Requirements for RMPs for generics

RMPs for generics should be submitted in the integrated format (see Guidance on the format of the risk management plan in the EU - in integrated format (Rev 2)).

You should submit the most recent EU RMP, with an ASA, unless there is no EU RMP available, in which case you should submit a core or global RMP with an ASA, or an Australia-specific RMP if no core or global RMP is available.

There is specific guidance regarding the content of the Australia-specific annex for generics. See the Template for the Australia-specific annex to the risk management plan for details.
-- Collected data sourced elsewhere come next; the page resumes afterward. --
Lemma count_lt_of_not_0 P n : ~ P 0%nat -> (count P (S n) <= n)%nat.
Proof.
  intro HP0; induction n; rewrite count_S; [rewrite ind_false by exact HP0; reflexivity|].
  pose proof (ind_le_1 (P (S n))); lia.
Qed.

Lemma count_inj P y z : P y -> P z -> count P y = count P z -> y = z.
Proof.
  intros Hy Hz E; destruct (Nat.lt_trichotomy y z) as [Hlt|[|Hlt]]; trivial; exfalso.
  - pose proof (count_lt_S P y Hy); pose proof (count_mono P _ _ Hlt); lia.
  - pose proof (count_lt_S P z Hz); pose proof (count_mono P _ _ Hlt); lia.
Qed.

Lemma count_surj P n i : (i < count P n)%nat -> exists y, P y /\ count P y = i.
Proof.
  induction n; rewrite ?count_0, ?count_S; [lia|]; intro Hi.
  destruct (Nat.lt_ge_cases i (count P n)); [auto|].
  unfold ind in Hi; destruct (excluded_middle_informative (P n)); [|lia].
  exists n; split; [assumption|lia].
Qed.

Lemma language_count_unbounded P : language P -> forall k, exists n, (k < count P n)%nat.
Proof.
  intros HP k; induction k as [|k [n Hn]].
  - destruct (HP 0%nat) as [y [_ Hy]]; exists (S y); pose proof (count_lt_S P y Hy); lia.
  - destruct (HP n) as [y [Hny Hy]]; exists (S y).
    pose proof (count_lt_S P y Hy); pose proof (count_mono P _ _ Hny); lia.
Qed.

Lemma count_unbounded_language P : (forall k, exists n, (k < count P n)%nat) -> language P.
Proof.
  intros HP N; destruct (HP (count P N)) as [n Hn].
  destruct (count_surj P n _ Hn) as [y [Hy Ey]]; exists y; split; [|exact Hy].
  destruct (Nat.le_gt_cases N y) as [|Hlt]; [assumption|].
  pose proof (count_lt_S P y Hy); pose proof (count_mono P _ _ Hlt); lia.
Qed.
Definition polyan_eval (R : realType) (n : nat) (alpha : nat -> nat -> R[i])
  (z : R[i]) : R[i] :=
  \sum_(k < n.+1) \sum_(j < k.+1) alpha j (k - j)%N * z ^+ j * (z^*) ^+ (k - j)%N.

From HB Require Import structures.
From mathcomp Require Import all_boot all_order all_algebra.
From mathcomp Require Import reals complex.
From mathcomp Require Import all_classical all_reals all_analysis.
From mathcomp Require Import ring lra.
Import Order.TTheory GRing.Theory Num.Theory.
Import numFieldNormedType.Exports.
Set Implicit Arguments. Unset Strict Implicit. Unset Printing Implicit Defensive.
Local Open Scope classical_set_scope.
Local Open Scope ring_scope.

(* A discrete winding-number argument.  If P had no zero, the
   loop t |-> P(r e^{it}) could be shrunk to the constant loop P(0) through
   loops avoiding 0, so it would wind 0 times around 0.  For r large the
   dominant term alpha_l z^l zbar^(n-l) is larger than the rest of P on the
   circle |z| = r, so the loop winds as often as r^n e^{i(2l-n)t}, i.e.
   2l - n != 0 times.  Winding numbers are computed on fine polygons as sums
   of angles atan (Im w / Re w) of consecutive ratios w, which only requires
   elementary trigonometry and uniform continuity of P on discs. *)

Section Modulus.
Variable R : realType.
Implicit Types (z w : R[i]) (x : R).
Local Notation normc := (@Normc.normc R).
Local Notation Re := (@complex.Re R).

Lemma normrE_normc z : `|z| = (normc z)%:C%C.
Proof. by []. Qed.

Lemma normc_ge0 z : 0 <= normc z.
Proof. by rewrite -ler0c -normrE_normc. Qed.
You should refer to the guidance in Guideline on good pharmacovigilance practices (GVP) Module V, section V.C.1.1.1 about parts of the RMP to be included for generics.

Safety specification

Align the summary of safety concerns for the generic with that of the originator, by referring to sources such as:

• the Australian Public Assessment Report (AusPAR)
• the European Public Assessment Report (EPAR)
• the list of safety concerns per approved RMP of active substances per product, published by the Co-ordination Group for Mutual recognition and Decentralised Procedures — Human

Consider whether there are any safety concerns associated with the generic product, for example:

• if introduction of a generic in a different administration device could increase the risk of medication error with a significant impact on public health or for the individual (for example, lack of efficacy for a life-threatening condition or an increased risk of adverse effects)
• if introduction of a generic without presentations suitable for use by particular patient populations, such as children or people with particular conditions, may require additional education of health professionals

Pharmacovigilance plan

If there are specific adverse-event follow-up forms implemented for the originator, these should also be implemented for the generic.

Risk minimisation plan

An RMP will generally only be required for a generic:

• when the originator has been required to undertake additional risk minimisation activities, or
• where there may be a need for additional risk minimisation activities to address a safety concern specific to the generic

Therefore, in the risk minimisation plan in the RMP/ASA you should:

• describe the proposed additional risk minimisation activities for the generic
• where known, state whether these differ from the additional risk minimisation activities implemented for the originator, and if so
  • provide a justification for each difference

We evaluate the need for additional risk minimisation activities to be undertaken for generic medicines on a case-by-case basis, taking into account factors such as:

• the nature and purpose of the additional risk minimisation activities required for the originator
• whether the additional risk minimisation activities required for the originator are ongoing
• whether the relevant safety concerns are adequately mitigated by routine clinical practice
• any safety concerns specific to the generic

Additional risk minimisation materials for generics should cover the same key safety messages as those for the originator, and any safety concerns specific to the generic. The key safety messages should be included in the Australia-specific annex.

As the risk minimisation in place in Europe is generally similar to that in Australia, risk minimisation materials implemented in the United Kingdom on the electronic Medicines Compendium website (eMC) website can be a useful source of information relating to the additional risk minimisation activities in place for the originator.